All sodium and nitrate salts are soluble  \(\Rightarrow\)  possible precipitates are \(\ce{Mg(OH)2}\) and \(\ce{MgCO3}\). 

\(\ce{\left[Mg^{2+}\right]=6 \times 10^{-3} \quad\left[ OH^{-}\right]=1 \times 10^{-2} \quad\left[ CO3^{2-}\right]=2 \times 10^{-3}}\)

\(\ce{\left[Mg^{2+}\right]\left[ OH^{-}\right]^2=6 \times 10^{-7} \quad \quad \quad \ \ \ K_{\textit{sp}}=5.61 \times 10^{-12}}\)

\(\ce{\left[ Mg^{2+}\right]\left[ CO3^{2-}\right]=1.2 \times 10^{-5} \quad \quad  K_{\textit{sp}}=6.82 \times 10^{-6}}\)
 

\(\ce{Mg(OH)2}\) is a lot less soluble than \(\ce{MgCO3}\) and will precipitate preferentially.

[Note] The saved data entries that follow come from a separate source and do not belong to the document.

(* Let $k\ge 1$ and let $n_1,\ldots,n_k\ge 3$ be (not necessarily distinct) integers such that $\gcd(k, n_1\cdots n_k)=1$. Then $C_{n_1}\Box\cdots\Box C_{n_k}$ is $\mathbb{Z}_{n_1\cdots n_k}$-distance antimagic if and only if all of $n_1,\ldots,n_k$ are odd. In particular, if $k\ge1$ and the odd integer $n\ge 3$ are coprime, then the Cartesian product of $k$ copies of $C_n$ is $\mathbb{Z}_{n^k}$-distance antimagic.
   Context: $C_n$ is the cycle of length $n$. The Cartesian product $G_1\Box\cdots\Box G_k$ has vertex set $V(G_1)\times\cdots\times V(G_k)$, with two tuples adjacent iff they differ in exactly one coordinate $i$ and are adjacent there in $G_i$. For a graph $G$ with $n$ vertices, a $\mathbb{Z}_n$-distance antimagic labelling is a bijection $f:V(G)\to\mathbb{Z}_n$ such that the weights $w_f(x)=\sum_{y\in N(x)} f(y)$ (mod $n$, $N(x)$ the open neighbourhood) are pairwise distinct; $G$ is $\mathbb{Z}_n$-distance antimagic if such a labelling exists. *)

From mathcomp Require Import all_boot.
Set Implicit Arguments. Unset Strict Implicit. Unset Printing Implicit Defensive.

(* Adjacency in the cycle C_m on vertex set {0,...,m-1}: a ~ b iff b = a+1 mod m
   or a = b+1 mod m. (For m >= 3 this is the simple cycle of length m.) *)
Definition cyc_adj (m a b : nat) : bool :=
  ((a.+1 %% m) == b) || ((b.+1 %% m) == a).

Definition cprod_vtx (k : nat) (n : 'I_k -> nat) : finType :=
  {dffun forall i : 'I_k, 'I_(n i)}.

Definition cprod_adj (k : nat) (n : 'I_k -> nat) : rel (cprod_vtx n) :=
  fun x y => [exists i : 'I_k,
     cyc_adj (n i) (x i) (y i) && [forall j : 'I_k, (j != i) ==> (x j == y j)]].

(* A graph (V, adj) with |V| = N vertices is Z_N-distance antimagic if there is a
   bijection f : V -> Z_N (here 'I_N with arithmetic mod N) such that the weights
   w(x) = sum_{y in N(x)} f(y) mod N are pairwise distinct. *)
Definition Zn_distance_antimagic (V : finType) (adj : rel V) : Prop :=
  exists f : V -> 'I_#|V|,
    bijective f /\
    injective (fun x : V => (\sum_(y | adj x y) val (f y)) %% #|V|).

From mathcomp Require Import all_boot all_algebra zify ring.
Set Implicit Arguments. Unset Strict Implicit. Unset Printing Implicit Defensive.

(* In a d-regular graph on N vertices, summing all weights counts
   every label d times, so sum_x w(x) = d * (0 + ... + N-1) = d * C(N,2).  If
   the weights are distinct mod N they are a permutation of Z_N, hence also sum
   to C(N,2) mod N.  For N and d both even, C(N,2) = N/2 mod N while
   d * C(N,2) = 0 mod N: a contradiction.  The product graph is 2k-regular, so
   it is not Z_N-distance antimagic as soon as some n_i is even.

   Label a vertex x by its mixed-radix value
   sum_j M_j * x_j, where M_j = n_0 * ... * n_(j-1).  Its weight equals
   2k * value(x) + sum_j M_(j+1) * carry(x_j), where carry records the
   wrap-around of the cycle C_(n_j).  Any "twisted value"
   c * value(x) + sum_j M_(j+1) * e_j(x_j) with c prime to every n_j is
   injective mod N: reading the difference modulo M_(i+1) determines digit i
   once the lower digits agree.  Taking c = 1 gives a bijective labelling and
   c = 2k gives distinct weights, provided 2k is prime to every n_j. *)

(* Double counting in a d-regular graph: each vertex y lies in exactly d
   neighbourhoods, so summing g over all neighbourhoods gives d * sum g. *)
Section RegularGraphs.
Variables (V : finType) (adj : rel V) (d : nat).
Hypothesis adj_sym : symmetric adj.
Hypothesis adj_regular : forall x, #|[pred y | adj x y]| = d.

\(\ce{\left[Mg^{2+}\right]\left[OH^{-}\right]^2 > K_{\textit{sp}}}\)

\(\Rightarrow \ce{Mg(OH)2}\) will precipitate.
 

\(\ce{Mg^{2+}(aq) + 2OH-(aq) \rightarrow Mg(OH)2(s)}\)

Since \(K_{\textit{sp}}\) is small, assume reaction goes to completion.

\(\ce{n(Mg^{2+})=0.006\ mol, n(OH^{-})=0.010\ mol}\)

Using stoichiometric ratio \((1:2)\)

\(0.006 > \dfrac{0.010}{2}=0.005\ \ \Rightarrow \ce{Mg^{2+}}\) is in excess.

Concentration drops to: \(6 \times 10^{-3}-5 \times 10^{-3}=1 \times 10^{-3}\).
 

Check if \(\ce{MgCO3}\) will precipitate:

\(\ce{\left[Mg^{2+}\right]\left[CO3^{2-}\right]}\) becomes  \(2 \times 10^{-6} <K_{\textit{sp}}\).

\(\ce{\Rightarrow\ MgCO3}\) won’t precipitate.